A eleição de Lula como presidente do Brasil no último domingo consolida a tendência das recentes eleições em diversos países latino-americanos, que apontam para a retomada do que analistas políticos denominam uma nova ‘onda rosa’ nos governos da região. O resultado do pleito, somado às eleições, também em 2022, de Gustavo Boric, no Chile, e de Gustavo Petro, na Colômbia, juntamente com governos de AMLO no México (2018), Fernandez na Argentina (2019), Arce na Bolívia (2020), Santokhi no Suriname (2020), Ali na Guiana (2020), Castillo no Peru (2021), Xiomara em Honduras (2022), Maduro na Venezuela, Ortega na Nicarágua, e o histórico socialismo cubano, configura o que vem sendo chamado de ‘nova onda rosa latino-americana’.
Na primeira manifestação à nação, no mesmo dia da eleição, recordando fatos referindo-se à política externa de seus dois mandatos (2003-2010), Lula foi categórico:
(…) Brasil soberano, que falava de igual para igual com os países mais ricos e poderosos. E que ao mesmo tempo contribuía para o desenvolvimento dos países mais pobres. O Brasil que apoiou o desenvolvimento dos países africanos, por meio de cooperação, investimento e transferência de tecnologia. Que trabalhou pela integração da América do Sul, da América Latina e do Caribe, que fortaleceu o Mercosul, e ajudou a criar o G-20, a UnaSul, a Celac e os BRICS. Hoje nós estamos dizendo ao mundo que o Brasil está de volta. Que o Brasil é grande demais para ser relegado a esse triste papel de pária do mundo.
Neste contexto político novo, a partir de 2020, a saúde volta a ter importância crescente e ascendente, infelizmente devido a um dos maiores flagelos sanitários dos últimos 100 anos, a pandemia de Covid-19 que, ademais, afetou de forma particularmente desproporcional a América Latina, expondo e amplificando as já tremendamente iníquas condições sociais, econômicas, ambientais e sanitárias vigentes desde sempre.
Diversas organizações multilaterais regionais, organizações da sociedade civil, grupos de profissionais e muitos outros atores relevantes chamam a atenção para a necessidade urgente de transformações econômicas, sociais e ambientais – além da revisão profunda de políticas e práticas sanitárias – para fazer frente a ainda inacabada pandemia de Covid-19 e outras que se encontram, potencialmente, no horizonte global e regional. A cooperação internacional em saúde, dimensão essencial da diplomacia da saúde, têm papel fundamental, dada a importância que exige o enfrentamento compartilhado de uma enfermidade que, por suas características, não respeita fronteiras.

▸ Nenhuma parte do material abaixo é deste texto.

(* For $\alpha\ge0$ let $f(r^2)=1+\frac{r^2}{1+r^2}$, $q(u,v)=1+\alpha(\tfrac13u^2+\tfrac23v^2)$, $$a(u,v)=\frac{q(u,v)^2}{f(u^2+v^2)^2},\quad b(u,v)=\frac{q(u,v)^{5/2}}{f(u^2+v^2)^3},\quad \mathcal B(s,u,v)=1+u^2+v^2-a(u,v)s^2+b(u,v)s^3 .$$ Then for every $(u,v)\in\mathbb{R}^2$, as a function of $s$, $\mathcal B$ has a nondegenerate local maximum at $s=0$ with value $h(u,v)=1+u^2+v^2$, a local minimum at $s_m=\tfrac{2a}{3b}$ with value $\mathcal B(s_m,u,v)=1+u^2+v^2-\tfrac{4}{27}q(u,v)$, and returns to the value $h$ first at $s_b=a/b$ (with positive $s$-derivative there); the separatrix action is $$\jmath(u,v)=\int_0^{a/b}\sqrt{2(h(u,v)-\mathcal B(s,u,v))}\,ds=\frac{4\sqrt2\,a^{5/2}}{15\,b^2}=\frac{4\sqrt2}{15}f(u^2+v^2),$$ which depends only on $h$. Hence any divergence-free field realising $\mathcal B$ as its field strength in fieldline coordinates $(s,u,v)$ is weakly isodrastic, while for $\alpha\neq0$ the minimum value $\mathcal B(s_m,u,v)$ of the field strength along fieldlines is not constant on the level sets $\{h=\mathrm{const}\}$, so such a field is not omnigenous.
   Context: Fieldline coordinates: $(u,v)$ label fieldlines and $s$ is signed arclength along them from the transverse surface $s=0$, which plays the role of $\Sigma^-$ (the set of nondegenerate local maxima of field strength along fieldlines). A field realising $\mathcal B$ is weakly isodrastic if the separatrix action $\jmath$ is constant on level sets of $h=|B|$ on $\Sigma^-$; omnigenity (for fields with flux function, here $h$) requires in particular that the minimum of $|B|$ along fieldlines be the same for all fieldlines of a flux surface. *)

From Stdlib Require Import Reals Lra.
From Coquelicot Require Import Coquelicot.
Open Scope R_scope.

(* f(r^2) = 1 + r^2/(1+r^2), as a function of t = r^2 *)
Definition fK (t : R) : R := 1 + t / (1 + t).

Definition qK (alpha u v : R) : R := 1 + alpha * (/3 * u^2 + 2/3 * v^2).

Definition aK (alpha u v : R) : R := (qK alpha u v)^2 / (fK (u^2 + v^2))^2.

Definition bK (alpha u v : R) : R :=
  Rpower (qK alpha u v) (5/2) / (fK (u^2 + v^2))^3.

Definition BK (alpha s u v : R) : R :=
  1 + u^2 + v^2 - aK alpha u v * s^2 + bK alpha u v * s^3.

Definition hK (u v : R) : R := 1 + u^2 + v^2.

Definition s_min (alpha u v : R) : R := 2 * aK alpha u v / (3 * bK alpha u v).
Definition s_bounce (alpha u v : R) : R := aK alpha u v / bK alpha u v.

Definition jK (alpha u v : R) : R :=
  RInt (fun s => sqrt (2 * (hK u v - BK alpha s u v))) 0 (s_bounce alpha u v).

Definition Bmin (alpha u v : R) : R := BK alpha (s_min alpha u v) u v.

From Stdlib Require Import Reals Lra.
From Coquelicot Require Import Coquelicot.
Open Scope R_scope.

(* Along each fieldline B is the cubic h - a s^2 + b s^3 = h - s^2 (a - b s), so the well
   between the maximum at 0 and the return point a/b is explicit, with minimum
   h - 4 a^3 / (27 b^2) at 2a/(3b).  The substitution w = a - b s turns the action
   int_0^{a/b} s sqrt (2 (a - b s)) ds into a polynomial in w^{1/2}, with value
   4 sqrt 2 a^{5/2} / (15 b^2).  The coefficients a = q^2/f^2 and b = q^{5/2}/f^3 are
   tuned so that a^{5/2}/b^2 = f and a^3/b^2 = q: the action depends on (u,v) only
   through u^2 + v^2 = h - 1, whereas the well depth 4q/27 also sees the anisotropy
   alpha (u^2/3 + 2 v^2/3), which varies along the circles h = const when alpha <> 0. *)

Definition cubic (c a b s : R) : R := c - a * s^2 + b * s^3.

Lemma BK_cubic (alpha s u v : R) :
  BK alpha s u v = cubic (hK u v) (aK alpha u v) (bK alpha u v) s.
Proof. reflexivity. Qed.

Section Cubic.

Variables c a b : R.

Lemma is_derive_cubic (s : R) : is_derive (cubic c a b) s (s * (3 * b * s - 2 * a)).
Proof. unfold cubic; auto_derive; [easy | ring]. Qed.

Lemma is_derive_cubic_0 : is_derive (cubic c a b) 0 0.
Proof. pose proof (is_derive_cubic 0) as H; rewrite Rmult_0_l in H; exact H. Qed.

Lemma Derive_2_cubic_0 : Derive_n (cubic c a b) 2 0 = -2 * a.
Proof.
simpl; rewrite (Derive_ext _ (fun s => s * (3 * b * s - 2 * a))).
- apply is_derive_unique; auto_derive; [easy | ring].
- intros s; apply is_derive_unique, is_derive_cubic.
Qed.

Lemma depth_cubic (s : R) : c - cubic c a b s = s^2 * (a - b * s).
Proof. unfold cubic; ring. Qed.

Hypothesis a_gt0 : 0 < a.
Hypothesis b_gt0 : 0 < b.

Lemma mul_lt_of_lt_div (s : R) : s < a / b -> b * s < a.
Proof.
intros Hs; apply (Rmult_lt_compat_l b) in Hs; [|lra].
replace (b * (a / b)) with a in Hs by (field; lra); exact Hs.
Qed.

Lemma cubic_local_max_0 :
  exists eps, 0 < eps /\ forall s, Rabs s < eps -> cubic c a b s <= cubic c a b 0.
Proof.
exists (a / b); split; [apply Rdiv_lt_0_compat; lra|].
intros s Hs; apply Rabs_def2 in Hs as [Hs _].
pose proof (depth_cubic s); pose proof (mul_lt_of_lt_div s Hs); pose proof (pow2_ge_0 s).
replace (cubic c a b 0) with c by (unfold cubic; ring); nra.
Qed.

Lemma cubic_bounce : cubic c a b (a / b) = c.
Proof. unfold cubic; field; lra. Qed.

Lemma cubic_lt_in_well (s : R) : 0 < s < a / b -> cubic c a b s < c.
Proof.
intros [Hs0 Hs]; pose proof (depth_cubic s); pose proof (mul_lt_of_lt_div s Hs).
assert (0 < s^2) by (apply pow_lt; lra).
nra.
Qed.

Lemma is_derive_cubic_bounce : is_derive (cubic c a b) (a / b) (a^2 / b).
Proof.
pose proof (is_derive_cubic (a / b)) as H.
replace (_ * _) with (a^2 / b) in H by (field; lra); exact H.
Qed.

Let s_m := 2 * a / (3 * b).

Lemma is_derive_cubic_min : is_derive (cubic c a b) s_m 0.
Proof.
pose proof (is_derive_cubic s_m) as H.
replace (_ * _) with 0 in H by (unfold s_m; field; lra); exact H.
Qed.

Lemma cubic_min_value : cubic c a b s_m = c - 4/27 * (a^3 / b^2).
Proof. unfold cubic, s_m; field; lra. Qed.

Lemma cubic_local_min :
  exists eps, 0 < eps /\ forall s, Rabs (s - s_m) < eps -> cubic c a b s_m <= cubic c a b s.
Proof.
assert (Hsm : 0 < s_m) by (unfold s_m; apply Rdiv_lt_0_compat; lra).
exists s_m; split; [exact Hsm|]; intros s Hs; apply Rabs_def2 in Hs.
(* s_m is a double root of B - B(s_m), the third root being -s_m/2 *)
replace (cubic c a b s) with (cubic c a b s_m + b * (s - s_m)^2 * (s + s_m / 2))
  by (unfold cubic, s_m; field; lra).
assert (0 <= b * (s - s_m)^2 * (s + s_m / 2)).
{ apply Rmult_le_pos; [apply Rmult_le_pos; [lra | apply pow2_ge_0] | lra]. }
lra.
Qed.

End Cubic.

Lemma is_derive_mul_sqrt (t : R) : 0 <= t -> is_derive (fun x => x * sqrt x) t (3/2 * sqrt t).
Proof.
intros Ht; destruct (Rle_lt_or_eq_dec _ _ Ht) as [Htpos | <-].
- pose proof (sqrt_lt_R0 t Htpos); pose proof (sqrt_sqrt t Ht) as Hsq.
  auto_derive; [lra|]; set (r := sqrt t) in *; rewrite <- Hsq; field; lra.
- (* the difference quotient at 0 is sqrt h, which is small for |h| < eps^2 *)
  rewrite sqrt_0, Rmult_0_r; apply is_derive_Reals; intros eps Heps.
  exists (mkposreal (eps * eps) (Rmult_lt_0_compat _ _ Heps Heps)); intros h Hh0 Hh; simpl in Hh.
  replace ((0 + h) * sqrt (0 + h) - 0 * sqrt 0) with (h * sqrt h) by (rewrite Rplus_0_l; ring).
  replace (h * sqrt h / h - 0) with (sqrt h) by (field; auto).
  rewrite Rabs_right; [|apply Rle_ge, sqrt_pos].
  destruct (Rle_or_lt h 0) as [Hneg | Hpos].
  + rewrite (sqrt_neg_0 h Hneg); lra.
  + rewrite <- (sqrt_Rsqr eps) by lra; apply sqrt_lt_1; try lra.
    all: rewrite Rabs_right in Hh by lra; unfold Rsqr; lra.
Qed.

Definition action_primitive (a w : R) : R :=
  2 * a / 3 * (w * sqrt w) - 2 / 5 * (w * (w * sqrt w)).

Lemma is_derive_action_primitive (a w : R) :
  0 <= w -> is_derive (action_primitive a) w ((a - w) * sqrt w).
Proof.
intros Hw; pose proof (is_derive_mul_sqrt w Hw) as H32.
pose proof (is_derive_mult (fun x => x) _ w _ _ (is_derive_id w) H32 Rmult_comm) as H52.
pose proof (is_derive_minus _ _ w _ _ (is_derive_scal _ _ (2 * a / 3) _ H32)
                                      (is_derive_scal _ _ (2 / 5) _ H52)) as H.
simpl in H; unfold minus, plus, opp, mult in H; simpl in H.
replace ((a - w) * sqrt w) with
  (2 * a / 3 * (3 / 2 * sqrt w) + - (2 / 5 * (1 * (w * sqrt w) + w * (3 / 2 * sqrt w))))
  by field.
exact H.
Qed.

Lemma is_RInt_cubic_action (c a b : R) : 0 < a -> 0 < b ->
  is_RInt (fun s => sqrt (2 * (c - cubic c a b s))) 0 (a / b)
    (4 * sqrt 2 * (a^2 * sqrt a) / (15 * b^2)).
Proof.
intros Ha Hb.
set (F := fun s => - (sqrt 2 / b^2) * action_primitive a (a - b * s)).
replace (4 * sqrt 2 * (a^2 * sqrt a) / (15 * b^2)) with (minus (F (a / b)) (F 0)).
2:{ unfold F, action_primitive, minus, plus, opp; simpl.
    replace (a - b * (a / b)) with 0 by (field; lra); rewrite sqrt_0.
    replace (a - b * 0) with a by ring; field; lra. }
apply (@is_RInt_derive R_CompleteNormedModule F).
- intros s Hs; rewrite Rmin_left, Rmax_right in Hs by (apply Rlt_le, Rdiv_lt_0_compat; lra).
  assert (Hw : 0 <= a - b * s).
  { assert (b * s <= b * (a / b)) by (apply Rmult_le_compat_l; lra).
    replace (b * (a / b)) with a in H by (field; lra); lra. }
  assert (Hlin : is_derive (fun s => a - b * s) s (- b)) by (auto_derive; [easy | ring]).
  pose proof (is_derive_scal _ s (- (sqrt 2 / b^2)) _
    (is_derive_comp _ _ s _ _ (is_derive_action_primitive a _ Hw) Hlin)) as HF.
  simpl in HF; unfold scal in HF; simpl in HF; unfold mult in HF; simpl in HF.
  rewrite depth_cubic.
  replace (2 * (s^2 * (a - b * s))) with (s^2 * (2 * (a - b * s))) by ring.
  rewrite sqrt_mult, sqrt_pow2, sqrt_mult by (try apply pow2_ge_0; lra).
  replace (s * (sqrt 2 * sqrt (a - b * s))) with
    (- (sqrt 2 / b ^ 2) * (- b * ((a - (a - b * s)) * sqrt (a - b * s)))) by (field; lra).
  exact HF.
- intros s _; apply continuous_sqrt_comp, (@ex_derive_continuous R_AbsRing R_NormedModule).
  unfold cubic; auto_derive; easy.
Qed.

Lemma Rpower_five_halves (x : R) : 0 < x -> Rpower x (5/2) = x^2 * sqrt x.
Proof.
intros Hx; replace (5/2) with (INR 2 + /2) by (simpl; field).
rewrite Rpower_plus, Rpower_pow, Rpower_sqrt; auto.
Qed.

Lemma qK_ge1 (alpha u v : R) : 0 <= alpha -> 1 <= qK alpha u v.
Proof.
intros Halpha; unfold qK; pose proof (pow2_ge_0 u); pose proof (pow2_ge_0 v); nra.
Qed.

Lemma fK_ge1 (t : R) : 0 <= t -> 1 <= fK t.
Proof.
intros Ht; unfold fK.
assert (0 <= t / (1 + t)) by (apply Rdiv_le_0_compat; lra); lra.
Qed.

Section Coefficients.

Variables alpha u v : R.
Hypothesis alpha_ge0 : 0 <= alpha.

Let q := qK alpha u v.
Let f := fK (u^2 + v^2).

Let q_gt0 : 0 < q.
Proof. pose proof (qK_ge1 alpha u v alpha_ge0); unfold q; lra. Qed.

Let f_gt0 : 0 < f.
Proof.
assert (0 <= u^2 + v^2) by (pose proof (pow2_ge_0 u); pose proof (pow2_ge_0 v); lra).
pose proof (fK_ge1 _ H); unfold f; lra.
Qed.

Let sqrt_q_gt0 : 0 < sqrt q.
Proof. apply sqrt_lt_R0, q_gt0. Qed.

Let sqrt_q_sq : sqrt q * sqrt q = q.
Proof. apply sqrt_sqrt; pose proof q_gt0; lra. Qed.

Lemma aK_gt0 : 0 < aK alpha u v.
Proof. unfold aK; fold q f; apply Rdiv_lt_0_compat; apply pow_lt; lra. Qed.

Lemma sqrt_aK : sqrt (aK alpha u v) = q / f.
Proof.
unfold aK; fold q f; replace (q^2 / f^2) with ((q / f)^2) by (field; lra).
apply sqrt_pow2, Rdiv_le_0_compat; lra.
Qed.

Lemma bK_eq : bK alpha u v = q^2 * sqrt q / f^3.
Proof. unfold bK; fold q f; rewrite Rpower_five_halves; [reflexivity | lra]. Qed.

Lemma bK_gt0 : 0 < bK alpha u v.
Proof.
rewrite bK_eq; apply Rdiv_lt_0_compat; [apply Rmult_lt_0_compat; [apply pow_lt|]|apply pow_lt]; lra.
Qed.

Lemma aK_cube_div_bK_sq : aK alpha u v ^ 3 / bK alpha u v ^ 2 = q.
Proof.
rewrite bK_eq; unfold aK; fold q f.
set (p := sqrt q) in *; rewrite <- sqrt_q_sq; field; lra.
Qed.

Lemma action_value :
  4 * sqrt 2 * Rpower (aK alpha u v) (5/2) / (15 * bK alpha u v ^ 2) = 4 * sqrt 2 / 15 * f.
Proof.
rewrite Rpower_five_halves by exact aK_gt0.
rewrite sqrt_aK, bK_eq; unfold aK; fold q f.
set (p := sqrt q) in *; rewrite <- sqrt_q_sq; field; lra.
Qed.

End Coefficients.

Lemma is_RInt_separatrix_action (alpha u v : R) : 0 <= alpha ->
  is_RInt (fun s => sqrt (2 * (hK u v - BK alpha s u v))) 0 (s_bounce alpha u v)
    (4 * sqrt 2 * Rpower (aK alpha u v) (5/2) / (15 * bK alpha u v ^ 2)).
Proof.
intros Halpha; rewrite Rpower_five_halves by exact (aK_gt0 alpha u v Halpha).
exact (is_RInt_cubic_action _ _ _ (aK_gt0 alpha u v Halpha) (bK_gt0 alpha u v Halpha)).
Qed.

Lemma jK_eq (alpha u v : R) : 0 <= alpha -> jK alpha u v = 4 * sqrt 2 / 15 * fK (u^2 + v^2).
Proof.
intros Halpha; rewrite <- (action_value alpha u v Halpha).
apply is_RInt_unique, is_RInt_separatrix_action, Halpha.
Qed.

Lemma Bmin_eq (alpha u v : R) : 0 <= alpha -> Bmin alpha u v = hK u v - 4/27 * qK alpha u v.
Proof.
intros Halpha; pose proof (bK_gt0 alpha u v Halpha).
unfold Bmin, s_min; rewrite BK_cubic, cubic_min_value by assumption.
rewrite aK_cube_div_bK_sq by exact Halpha; reflexivity.
Qed.

Theorem mainTheorem8 (alpha : R) (Halpha : 0 <= alpha) :
  (forall u v : R,
     BK alpha 0 u v = hK u v /\
     is_derive (fun s => BK alpha s u v) 0 0 /\
     Derive_n (fun s => BK alpha s u v) 2 0 < 0 /\
     (exists eps : R, 0 < eps /\
        forall s, Rabs s < eps -> BK alpha s u v <= BK alpha 0 u v) /\
     is_derive (fun s => BK alpha s u v) (s_min alpha u v) 0 /\
     (exists eps : R, 0 < eps /\
        forall s, Rabs (s - s_min alpha u v) < eps ->
          BK alpha (s_min alpha u v) u v <= BK alpha s u v) /\
     BK alpha (s_min alpha u v) u v = hK u v - 4/27 * qK alpha u v /\
     0 < s_bounce alpha u v /\
     BK alpha (s_bounce alpha u v) u v = hK u v /\
     (forall s, 0 < s < s_bounce alpha u v -> BK alpha s u v < hK u v) /\
     (exists d : R, is_derive (fun s => BK alpha s u v) (s_bounce alpha u v) d /\ 0 < d) /\
     is_RInt (fun s => sqrt (2 * (hK u v - BK alpha s u v))) 0 (s_bounce alpha u v)
       (4 * sqrt 2 * Rpower (aK alpha u v) (5/2) / (15 * (bK alpha u v)^2)) /\
     4 * sqrt 2 * Rpower (aK alpha u v) (5/2) / (15 * (bK alpha u v)^2)
       = 4 * sqrt 2 / 15 * fK (u^2 + v^2) /\
     jK alpha u v = 4 * sqrt 2 / 15 * fK (u^2 + v^2)) /\
  (forall u v u' v' : R, hK u v = hK u' v' -> jK alpha u v = jK alpha u' v') /\
  (alpha <> 0 ->
     exists u v u' v' : R, hK u v = hK u' v' /\ Bmin alpha u v <> Bmin alpha u' v').
Proof.
split; [intros u v | split].
- pose proof (aK_gt0 alpha u v Halpha) as Ha; pose proof (bK_gt0 alpha u v Halpha) as Hb.
  pose proof (Bmin_eq alpha u v Halpha) as Hmin; unfold Bmin in Hmin.
  pose proof (is_RInt_separatrix_action alpha u v Halpha) as Hint.
  pose proof (action_value alpha u v Halpha) as Hval.
  pose proof (jK_eq alpha u v Halpha) as Hj.
  unfold s_min, s_bounce in *.
  change (BK alpha) with (fun s u v => cubic (hK u v) (aK alpha u v) (bK alpha u v) s) in *.
  cbv beta in *.
  set (c := hK u v) in *; set (a := aK alpha u v) in *; set (b := bK alpha u v) in *.
  change (fun s => cubic c a b s) with (cubic c a b) in *.
  split; [unfold cubic; ring |].
  split; [apply is_derive_cubic_0 |].
  split; [rewrite Derive_2_cubic_0; lra |].
  split; [apply cubic_local_max_0; assumption |].
  split; [apply is_derive_cubic_min; assumption |].
  split; [apply cubic_local_min; assumption |].
  split; [exact Hmin |].
  split; [apply Rdiv_lt_0_compat; assumption |].
  split; [apply cubic_bounce; assumption |].
  split; [apply cubic_lt_in_well; assumption |].
  split; [exists (a^2 / b); split; [apply is_derive_cubic_bounce; assumption |] |].
  { apply Rdiv_lt_0_compat; [apply pow_lt |]; assumption. }
  split; [exact Hint |]; split; [exact Hval | exact Hj].
- intros u v u' v' Hh; rewrite !jK_eq by exact Halpha.
  unfold hK in Hh; replace (u'^2 + v'^2) with (u^2 + v^2) by lra; reflexivity.
- (* (1,0) and (0,1) lie on the same circle but have different q *)
  intros Halpha0; exists 1, 0, 0, 1; split; [unfold hK; ring|].
  rewrite !Bmin_eq by exact Halpha; unfold hK, qK; intros E; apply Halpha0; nra.
Qed.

Para aproveitar e consolidar a ‘janela de oportunidades’ que se abre para uma ‘diplomacia da saúde progressista’ na região, os governos nacionais e as institucionalidades multilaterais regionais e sub-regionais precisam buscar, de imediato, por meio da diplomacia, uma agenda convergente de cooperação em saúde, capaz de colaborar na formulação e implementação de políticas sociais e abrangentes, resolutivas e respaldadas pela população.
Neste artigo, apontamos a potencial contribuição de um multilateralismo regional vigoroso no campo da saúde para fazer frente à crise sanitária vigente e às potenciais ameaças futuras, com base em experiências anteriores de um multilateralismo razoavelmente bem sucedido e no quadro explicativo do processo saúde-doença-cuidados vigente na região.
Saúde no marco das estruturas centrais das Nações Unidas
Identificar a presença da saúde no marco maior do multilateralismo global – as Nações Unidas e suas estruturas centrais de governança – serve como referência e moldura para posições e orientações de estruturas regionais e mesmo sub-regionais.
Desde a emergência da pandemia no início de 2020, a Assembleia Geral, o Conselho de Segurança, o Conselho Econômico Social (ECOSOC), o Conselho de Direitos Humanos, a Secretaria Geral e toda a gama de agências, programas e fundos das Nações Unidas ocuparam-se da saúde com maior intensidade que nunca, tendo como tema central (mas não exclusivo) a pandemia e suas consequências sobre todas as dimensões da vida social. Evidentemente, o eixo OMS e suas estruturas regionais, como a OPAS nas Américas, tiveram o maior protagonismo.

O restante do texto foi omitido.